No, no you don't. Because there is nothing to hear. They are gone. No more screaming, fighting, begging, arguing or lying. And especially no more of the most annoying whining I have ever heard in my life. This week has made me seriously reconsider if I want to be a mom or not. I know that it's different having his kids. We don't actually get them that much and then when he's not here it's even harder. I feel impotent to discipline them. Afraid that anything I say will be twisted and passed on and twisted even further and then used as ammunition against my husband. And maybe because they're not mine to keep I tend to think in terms of a score card. One pleasant moment, three unpleasant moments and so on. And I allow the unpleasant moments to erase the pleasant ones. I try not to, but I feel like I'm trying so hard and all I get in return is "we want this," "why not" and "whatever." They wouldn't even hug me good-bye. Is parenting this thankless? I mean, I don't want kids just to have someone to love me and take care of me when I get old, but I already feel worthless, so do I want to add one more thing to feel like a failure about?
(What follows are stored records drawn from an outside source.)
(* Let $D$ be an integral domain and let $S$ be a splitting multiplicative subset of $D$ generated by prime elements. Then $D$ is a completely atomic domain (resp., a RIDF-domain, a U-FFD) if and only if $D_S$ is a completely atomic domain (resp., a RIDF-domain, a U-FFD).
   Context: A multiplicative subset $S$ of $D$ is generated by primes if $S=\{u p_1\cdots p_n: u\in U(D),\ p_i\in P,\ n\ge0\}$ for some set $P$ of prime elements of $D$. A saturated multiplicative subset $S$ of $D$ is splitting if each $x\in D$ can be written as $x=as$ with $a\in D$, $s\in S$, such that $aD\cap tD=atD$ for all $t\in S$. An atom (irreducible element) is a nonzero nonunit $a$ such that $a=bc$ implies $b$ or $c$ is a unit; a nonzero nonunit is atomic if it is a finite product of atoms. A domain is completely atomic if every nonunit divisor of an atomic element is atomic. A domain is a RIDF-domain if every atomic element has only finitely many pairwise nonassociate irreducible divisors. A domain is a U-FFD if every atomic element has only finitely many factorizations into irreducibles (up to order and associates). *)

From HB Require Import structures.
From mathcomp Require Import all_boot all_order all_algebra fraction.
Set Implicit Arguments. Unset Strict Implicit. Unset Printing Implicit Defensive.
Import GRing.Theory.
Local Open Scope ring_scope.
If you couldn't tell, I am seriously depressed. My husband will be home in about 10 days and I'm not even excited about it. Why? Because I feel like I haven't accomplished anything since he left. So the house is clean. Big deal. He doesn't even care about that. I need a job. I need to feel useful. I need to make money. I need to feel like I contribute more than my cleaning, cooking and pussy. I think I need medication. I hate depression. It keeps me from so many things. Like leaving the house. Making friends. Volunteering. Doing anything scary. And it makes everything scary. I'm so afraid of failure. I know I'm smart and can do so much but I'm so smart that I know I'm not smart enough to do anything. I feel paralyzed. I need my husband to get home. I need to find the courage to get off my ass and do something, anything. I hate this disease.